Tober burst out in a shrill laugh when he saw who it was, and his hand became strong like a claw. “Benny the Tapkow! How have you been, how have you been? Come sit and have a drink. Christ, wait till the rest of them get a load of you! Say, man, what happened to your hat? No hat, Benny, I see no hat.”

Tober had talked with that rapid excitement in his voice which happened to him three times a day. Three times daily Tober was a pistol, sharp, fast, and full of noise. His shiny eyes glittered back and forth, and his long, stooped body looked tense.

“You high, Tober?” Benny tried to see the man’s pupils.

“Like a rocket, Benny, like a red, white, blue, and purple rocket. But for you slow-witted squares I got tamer stuff. How about some Scotch, how about some hipscotchdipscotch Scotch splashed over rocks, Benny boy?”

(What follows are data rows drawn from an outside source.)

Lemma hsZr X a Y : hs X (a *: Y) = a * hs X Y.
Proof. by rewrite /hs -scalemxAr mxtraceZ. Qed.

Lemma hsBr X Y Z : hs X (Y - Z) = hs X Y - hs X Z.
Proof. by rewrite hsDr -scaleN1r hsZr mulN1r. Qed.

Lemma hs_sumr X (T : Type) (r : seq T) (Q : pred T) (F : T -> 'M[algC]_n) :
  hs X (\sum_(i <- r | Q i) F i) = \sum_(i <- r | Q i) hs X (F i).
Proof. exact: (big_morph (hs X) (hsDr X) (hs0r X)). Qed.

Lemma hs1r X : hs X 1%:M = (\tr X)^*.
Proof.
rewrite /hs mulmx1 /adj mxtrace_tr /mxtrace rmorph_sum.
by apply: eq_bigr => i _; rewrite mxE.
Qed.

Lemma hsC X Y : hs Y X = (hs X Y)^*.
Proof.
rewrite !hsE rmorph_sum; apply: eq_bigr => i _; rewrite rmorph_sum.
by apply: eq_bigr => j _; rewrite rmorphM /= conjCK mulrC.
Qed.

Lemma hsZl X a Y : hs (a *: X) Y = a^* * hs X Y.
Proof. by rewrite hsC hsZr rmorphM /= -hsC. Qed.

Lemma hsBl X Y Z : hs (X - Y) Z = hs X Z - hs Y Z.
Proof. by rewrite hsC hsBr rmorphB /= -!hsC. Qed.

Lemma hs_ge0 X : 0 <= hs X X.
Proof.
rewrite hsE; apply: sumr_ge0 => i _; apply: sumr_ge0 => j _.
by rewrite mulrC mul_conjC_ge0.
Qed.

Lemma hs_eq0 X : hs X X = 0 -> X = 0.
Proof.
have entry_ge0 i j : 0 <= (X i j)^* * X i j by rewrite mulrC mul_conjC_ge0.
rewrite hsE => X0; apply/matrixP => i j; rewrite mxE.
have row_ge0 i' : 0 <= \sum_j (X i' j)^* * X i' j.
  by apply: sumr_ge0 => j' _; apply: entry_ge0.
have row0 := psumr_eq0P (fun i' _ => row_ge0 i') X0 (i := i) isT.
have := psumr_eq0P (fun j' _ => entry_ge0 i j') row0 (i := j) isT.
by move/eqP; rewrite mulrC mul_conjC_eq0 => /eqP.
Qed.

Lemma hs_conjr X : (hs X X)^* = hs X X.
Proof. exact/geC0_conj/hs_ge0. Qed.

Lemma hs_residual X Y : hs X X != 0 ->
  let Y' := Y - (hs X Y / hs X X) *: X in
  hs Y' Y' = hs Y Y - `|hs X Y| ^+ 2 / hs X X.
Proof.
move=> nzX /=; rewrite hsBl !hsBr !hsZl !hsZr (hsC X Y) normCKC.
rewrite rmorphM /= fmorphV /= hs_conjr.
by field.
Qed.

Lemma hs_Cauchy_Schwarz X Y : `|hs X Y| ^+ 2 <= hs X X * hs Y Y.
Proof.
have [X0|nzX] := eqVneq (hs X X) 0.
  by rewrite X0 mul0r (hs_eq0 X0) hsC hs0r rmorph0 normr0 expr0n.
have Xgt0 : 0 < hs X X by rewrite lt_def nzX hs_ge0.
have := hs_ge0 (Y - (hs X Y / hs X X) *: X); rewrite hs_residual // subr_ge0.
by rewrite ler_pdivrMr // mulrC.
Qed.

Lemma hs_Cauchy_Schwarz_eqP X Y : X != 0 ->
  `|hs X Y| ^+ 2 = hs X X * hs Y Y <-> exists c, Y = c *: X.
Proof.
move=> nzX; have nzXX : hs X X != 0 by apply: contra_neq nzX; apply: hs_eq0.
split=> [eqXY | [c ->]].
  exists (hs X Y / hs X X); apply/eqP; rewrite -subr_eq0; apply/eqP/hs_eq0.
  by rewrite hs_residual // eqXY mulrAC divff // mul1r subrr.
rewrite hsZl !hsZr normrM exprMn !normCKC hs_conjr.
by ring.
Qed.
(* Formal substitution of u = eps (eps b)^(2/3)/2 * tau^(1/3) * v into
   u'' = u'^2/u - u'/tau + (-8 eps u^2 + 2ab)/tau + b^2/u.
   Multiplying by tau^2 u, dividing by (eps (eps b)^(2/3)/2)^2 tau^(2/3) and by
   tau^(4/3) gives the equivalent formal identity
     x^4 (v E^2 v - (E v)^2) + 4 beta^2 (v^3 - 1) - 4 a beta x^2 v = 0. *)
Definition formal_solution (a : C) (beta : R) (kappa : C)
    (coef : nat -> int -> C) : Prop :=
  let v := vser coef in
  let Ev := Eop kappa beta v in
  forall k j : int,
    (fmul v (Eop kappa beta Ev) (k - 4) j - fmul Ev Ev (k - 4) j)
    + 4 * (beta ^+ 2)%:C * (fmul (fmul v v) v k j - (if (k == 0) && (j == 0) then 1 else 0))
    - 4 * a * beta%:C * v (k - 2) j = 0.

End Formal.

(* Split v into its even and odd parts with respect to the parity of k + j: the
   operator E and the Cauchy product respect this grading, and the odd part o
   starts at order 2 because a_{1,0} = 0.  Suppose o vanishes below order m >= 2.
   The odd-parity coefficients of the equation at orders m, m + 1, m + 2 are then
   linear in o and see v only through its coefficients of order <= 2.  At order m
   they read (4/9) u^2 (j^2 - 1) o_{m,j} = 0 with u = i Theta^2, so only o_{m,+-1}
   survive.  At orders m + 1 (j = 0, +-2) and m + 2 (j = +-1), using the order-2
   relations 3 a_{2,+-2} = a_{1,+-1}^2 and u a_{1,1} a_{1,-1} = 3 kappa, they give a
   2x2 linear system for o_{m,+-1} with determinant -(16/81) u^2 (m - 1)^2 != 0.
   Hence o = 0, i.e. a_{n,j} = 0 whenever n + j is odd. *)

From HB Require Import structures.
From mathcomp Require Import all_boot all_order all_algebra.
From mathcomp Require Import complex.
From mathcomp Require Import zify ring lra.
From Stdlib Require Import FunctionalExtensionality.
Set Implicit Arguments. Unset Strict Implicit. Unset Printing Implicit Defensive.
Import Order.TTheory GRing.Theory Num.Theory.
Local Open Scope ring_scope.
Local Open Scope complex_scope.

Definition evenz (z : int) : bool := (z %% 2)%Z == 0.

Section SeriesAlgebra.
Variable R : rcfType.
Local Notation series := (fseries R).
Implicit Types (s t : series) (k j m c : int).

(* Locked, so that rewriting with [EopD] cannot unfold an arbitrary series into a sum. *)
Fact fadd_key : unit. Proof. exact: tt. Qed.
Definition fadd : series -> series -> series :=
  locked_with fadd_key (fun s t k j => s k j + t k j).

Lemma faddE s t k j : fadd s t k j = s k j + t k j.
Proof. by rewrite /fadd unlock. Qed.

Lemma fmulDl s1 s2 t : fmul (fadd s1 s2) t = fadd (fmul s1 t) (fmul s2 t).
Proof.
apply: functional_extensionality => k; apply: functional_extensionality => j.
rewrite faddE /fmul -big_split /=; apply: eq_bigr => p _.
by rewrite -big_split /=; apply: eq_bigr => q _; rewrite faddE; exact: mulrDl.
Qed.

Lemma fmulDr s t1 t2 : fmul s (fadd t1 t2) = fadd (fmul s t1) (fmul s t2).
Proof.
apply: functional_extensionality => k; apply: functional_extensionality => j.
rewrite faddE /fmul -big_split /=; apply: eq_bigr => p _.
by rewrite -big_split /=; apply: eq_bigr => q _; rewrite faddE; exact: mulrDr.
Qed.

Lemma EopD kappa beta s t :
  Eop kappa beta (fadd s t) = fadd (Eop kappa beta s) (Eop kappa beta t).
Proof.
apply: functional_extensionality => k; apply: functional_extensionality => j.
rewrite /Eop !faddE; ring.
Qed.

Lemma fmul_eq0 s t k j :
  (forall p q, s p q * t (k - p) (j - q) = 0) -> fmul s t k j = 0.
Proof. by move=> H; rewrite /fmul big1 // => p _; rewrite big1 // => q _. Qed.

Lemma eq_fmull s s' t k j :
  (forall p q, s p q = s' p q \/ t (k - p) (j - q) = 0) ->
  fmul s t k j = fmul s' t k j.
Proof.
move=> H; rewrite /fmul; apply: eq_bigr => p _; apply: eq_bigr => q _.
by case: (H (p%:Z - bandL) (q%:Z - (`|k| + 2 * bandL))) => ->; rewrite ?mulr0.
Qed.

Lemma eq_fmulr s t t' k j :
  (forall p q, t (k - p) (j - q) = t' (k - p) (j - q) \/ s p q = 0) ->
  fmul s t k j = fmul s t' k j.
Proof.
move=> H; rewrite /fmul; apply: eq_bigr => p _; apply: eq_bigr => q _.
by case: (H (p%:Z - bandL) (q%:Z - (`|k| + 2 * bandL))) => ->; rewrite ?mul0r.
Qed.

Lemma fmul_seq s t k j (L : seq (int * int)) :
  uniq L ->
  all (fun x : int * int => (-8 <= x.1 <= k + 8) && (- (`|k| + 16) <= x.2 <= `|k| + 16)) L ->
  (forall p q, (p, q) \notin L -> s p q * t (k - p) (j - q) = 0) ->
  fmul s t k j = \sum_(x <- L) s x.1 x.2 * t (k - x.1) (j - x.2).
Proof.
move=> uL aL H; rewrite /fmul /bandL.
set M := (`|k| + 2 * 8)%R.
set f := fun x : int * int => s x.1 x.2 * t (k - x.1) (j - x.2).
set P := absz (k + 2 * 8 + 1); set Q := absz (2 * M + 1).
pose G := [seq ((p%:Z - 8), (q%:Z - M)) | p <- iota 0 P, q <- iota 0 Q].
have -> : \sum_(p < P) \sum_(q < Q) s (p%:Z - 8) (q%:Z - M) * t (k - (p%:Z - 8)) (j - (q%:Z - M))
    = \sum_(x <- G) f x.
  rewrite big_allpairs_dep /=.
  have iotaE N : iota 0 N = index_iota 0 N by rewrite /index_iota subn0.
  rewrite iotaE big_mkord; apply: eq_bigr => p _.
  by rewrite iotaE big_mkord.
rewrite (bigID (fun x => x \in L)) /= [X in _ + X]big1 ?addr0; last first.
  by move=> [p q] /= /H.
rewrite -big_filter; apply: perm_big; apply: uniq_perm => //.
- rewrite filter_uniq //; apply: allpairs_uniq; rewrite ?iota_uniq //.
  by move=> [a b] [c d] _ _ /= [] h1 h2; congr (_, _); lia.
- move=> [x y]; rewrite mem_filter; apply/andP/idP => [[]//|Hx]; split => //.
  move/allP: aL => /(_ _ Hx) /= Hb.
  apply/allpairsP; exists (absz (x + 8), absz (y + M)); rewrite /= !mem_iota.
  by split; [lia|lia|congr (_, _); rewrite /M; lia].
Qed.

Lemma fmul_boxl s t k j (A B : seq int) :
  uniq A -> uniq B ->
  all (fun a => -8 <= a <= k + 8) A ->
  all (fun b => - (`|k| + 16) <= b <= `|k| + 16) B ->
  (forall p q, ~~ ((p \in A) && (q \in B)) -> s p q * t (k - p) (j - q) = 0) ->
  fmul s t k j = \sum_(a <- A) \sum_(b <- B) s a b * t (k - a) (j - b).
Proof.
move=> uA uB aA aB H.
rewrite (@fmul_seq _ _ _ _ [seq (a, b) | a <- A, b <- B]).
- by rewrite big_allpairs_dep.
- by apply: allpairs_uniq => // [[a b] [c d]] _ _ /= [-> ->].
- apply/allP => x /allpairsP [[a b] /= [ha hb ->]] /=.
  by rewrite (allP aA _ ha) (allP aB _ hb).
- move=> p q Hn; apply: H; apply: contra Hn => /andP [hp hq].
  by apply/allpairsP; exists (p, q).
Qed.

Lemma fmul_boxr s t k j (A B : seq int) :
  uniq A -> uniq B ->
  all (fun a => -8 <= k - a <= k + 8) A ->
  all (fun b => - (`|k| + 16) <= j - b <= `|k| + 16) B ->
  (forall p q, ~~ ((k - p \in A) && (j - q \in B)) -> s p q * t (k - p) (j - q) = 0) ->
  fmul s t k j = \sum_(a <- A) \sum_(b <- B) s (k - a) (j - b) * t a b.
Proof.
move=> uA uB aA aB H.
rewrite (@fmul_seq _ _ _ _ [seq (k - a, j - b) | a <- A, b <- B]).
- rewrite big_allpairs_dep; apply: eq_bigr => a _; apply: eq_bigr => b _ /=.
  by rewrite !subKr.
- by apply: allpairs_uniq => // [[a b] [c d]] _ _ /= [h1 h2]; congr (_, _); lia.
- apply/allP => x /allpairsP [[a b] /= [ha hb ->]] /=.
  by rewrite (allP aA _ ha) (allP aB _ hb).
- move=> p q Hn; apply: H; apply: contra Hn => /andP [hp hq].
  by apply/allpairsP; exists (k - p, j - q); split => //=; congr (_, _); lia.
Qed.

Definition even_series s := forall k j, ~~ evenz (k + j) -> s k j = 0.
Definition odd_series s := forall k j, evenz (k + j) -> s k j = 0.

Lemma fmul_even s t : even_series s -> even_series t -> even_series (fmul s t).
Proof.
move=> hs ht k j hkj; apply: fmul_eq0 => p q.
have [h|h] := boolP (evenz (p + q)); last by rewrite hs ?mul0r.
by rewrite ht ?mulr0 //; move: h hkj; rewrite /evenz; lia.
Qed.

Lemma fmul_even_odd s t : even_series s -> odd_series t -> odd_series (fmul s t).
Proof.
move=> hs ht k j hkj; apply: fmul_eq0 => p q.
have [h|h] := boolP (evenz (p + q)); last by rewrite hs ?mul0r.
by rewrite ht ?mulr0 //; move: h hkj; rewrite /evenz; lia.
Qed.

Lemma fmul_odd_even s t : odd_series s -> even_series t -> odd_series (fmul s t).
Proof.
move=> hs ht k j hkj; apply: fmul_eq0 => p q.
have [h|h] := boolP (evenz (p + q)); first by rewrite hs ?mul0r.
by rewrite ht ?mulr0 //; move: h hkj; rewrite /evenz; lia.
Qed.

Lemma fmul_odd s t : odd_series s -> odd_series t -> even_series (fmul s t).
Proof.
move=> hs ht k j hkj; apply: fmul_eq0 => p q.
have [h|h] := boolP (evenz (p + q)); first by rewrite hs ?mul0r.
by rewrite ht ?mulr0 //; move: h hkj; rewrite /evenz; lia.
Qed.

Lemma Eop_even kappa beta s : even_series s -> even_series (Eop kappa beta s).
Proof.
by move=> hs k j h; rewrite /Eop !hs ?mulr0 ?addr0 //; move: h; rewrite /evenz; lia.
Qed.

Lemma Eop_odd kappa beta s : odd_series s -> odd_series (Eop kappa beta s).
Proof.
by move=> hs k j h; rewrite /Eop !hs ?mulr0 ?addr0 //; move: h; rewrite /evenz; lia.
Qed.

Definition even_part s : series := fun k j => if evenz (k + j) then s k j else 0.
Definition odd_part s : series := fun k j => if evenz (k + j) then 0 else s k j.

Lemma even_part_even s : even_series (even_part s).
Proof. by move=> k j h; rewrite /even_part (negbTE h). Qed.

Lemma odd_part_odd s : odd_series (odd_part s).
Proof. by move=> k j h; rewrite /odd_part h. Qed.

Lemma fadd_even_odd_part s : fadd (even_part s) (odd_part s) = s.
Proof.
apply: functional_extensionality => k; apply: functional_extensionality => j.
by rewrite faddE /even_part /odd_part; case: evenz; rewrite ?addr0 ?add0r.
Qed.

Definition vanish_below s m := forall k j, k < m -> s k j = 0.

Lemma vanish_below_fmul s t m1 m2 :
  vanish_below s m1 -> vanish_below t m2 -> vanish_below (fmul s t) (m1 + m2).
Proof.
move=> hs ht k j hk; apply: fmul_eq0 => p q.
have [h|h] := ltP p m1; first by rewrite hs ?mul0r.
by rewrite ht ?mulr0 //; lia.
Qed.

Lemma vanish_below_Eop kappa beta s m :
  vanish_below s m -> vanish_below (Eop kappa beta s) (m - 2).
Proof. by move=> hs k j h; rewrite /Eop !hs ?mulr0 ?addr0 //; lia. Qed.

Definition cone_support s c := forall k j, k + c < `|j| -> s k j = 0.

Lemma cone_support_fmul s t c1 c2 :
  cone_support s c1 -> cone_support t c2 -> cone_support (fmul s t) (c1 + c2).
Proof.
move=> hs ht k j hk; apply: fmul_eq0 => p q.
have [h|h] := ltP (p + c1) `|q|; first by rewrite hs ?mul0r.
by rewrite ht ?mulr0 //; lia.
Qed.

Lemma cone_support_Eop kappa beta s c :
  cone_support s c -> cone_support (Eop kappa beta s) (c + 2).
Proof. by move=> hs k j h; rewrite /Eop !hs ?mulr0 ?addr0 //; lia. Qed.

Definition agree_upto s s' m := forall p q, p <= m -> s p q = s' p q.

Lemma agree_upto_Eop kappa beta s s' m :
  agree_upto s s' m -> agree_upto (Eop kappa beta s) (Eop kappa beta s') (m - 2).
Proof. by move=> H p q hp; rewrite /Eop !H //; lia. Qed.

Lemma agree_upto_fmul s s' t t' m :
  agree_upto s s' m -> agree_upto t t' m ->
  vanish_below s 0 -> vanish_below s' 0 -> vanish_below t 0 -> vanish_below t' 0 ->
  agree_upto (fmul s t) (fmul s' t') m.
Proof.
move=> hs ht ls ls' lt lt' k j hk.
rewrite /fmul; apply: eq_bigr => p _; apply: eq_bigr => q _.
set a := p%:Z - bandL; set b := q%:Z - (`|k| + 2 * bandL).
have [h1|h1] := ltP a 0; first by rewrite ls ?ls' ?mul0r.
have [h2|h2] := ltP k a; first by rewrite lt ?lt' ?mulr0 //; lia.
by rewrite hs ?ht //; lia.
Qed.

End SeriesAlgebra.

Section Jet.
Variable R : rcfType.
Local Notation C := R[i].
Local Notation series := (fseries R).
Variables c11 c1N c22 c20 c2N : C.

Definition jet2 : series := fun k j =>
  match k, j with
  | Posz 0, Posz 0 => 1
  | Posz 1, Posz 1 => c11
  | Posz 1, Negz 0 => c1N
  | Posz 2, Posz 2 => c22
  | Posz 2, Posz 0 => c20
  | Posz 2, Negz 1 => c2N
  | _, _ => 0
  end.

Lemma jet2_out p q :
  ~~ ((p \in [:: 0; 1; 2]) && (q \in [:: -2; -1; 0; 1; 2])) -> jet2 p q = 0.
Proof. by rewrite !inE; case: p => [[|[|[|p]]]|p]; case: q => [[|[|[|q]]]|[|[|q]]]. Qed.

Lemma vanish_below_jet2 : vanish_below jet2 0.
Proof. by case=> [k|k] j. Qed.

Lemma cone_support_jet2 : cone_support jet2 0.
Proof.
by case=> [[|[|[|k]]]|k] [[|[|[|j]]]|[|[|j]]] //=; rewrite addr0; lia.
Qed.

“Slow down, Tober. Listen, I got a guest. You mind if I bring a guest?”

“I’ll make two hipscotchdip-”

“Tober, pay attention. This is kind of a special deal. She and I got to stay under wraps for a day or so. I thought-”

“Benny boy, this is the place to stay under a wrap, if that’s the kind of thing you fancy. Where is this delight?”

“Outside. I’ll get her.”

Benny walked to the front door and waved Pat to come in.

“It’s O.K.?” she asked.

“Is it O.K.? Is it O.K.!” Tober rushed out to grab her by the hand. “I’d say, being a judge of such,” and he looked her up and down.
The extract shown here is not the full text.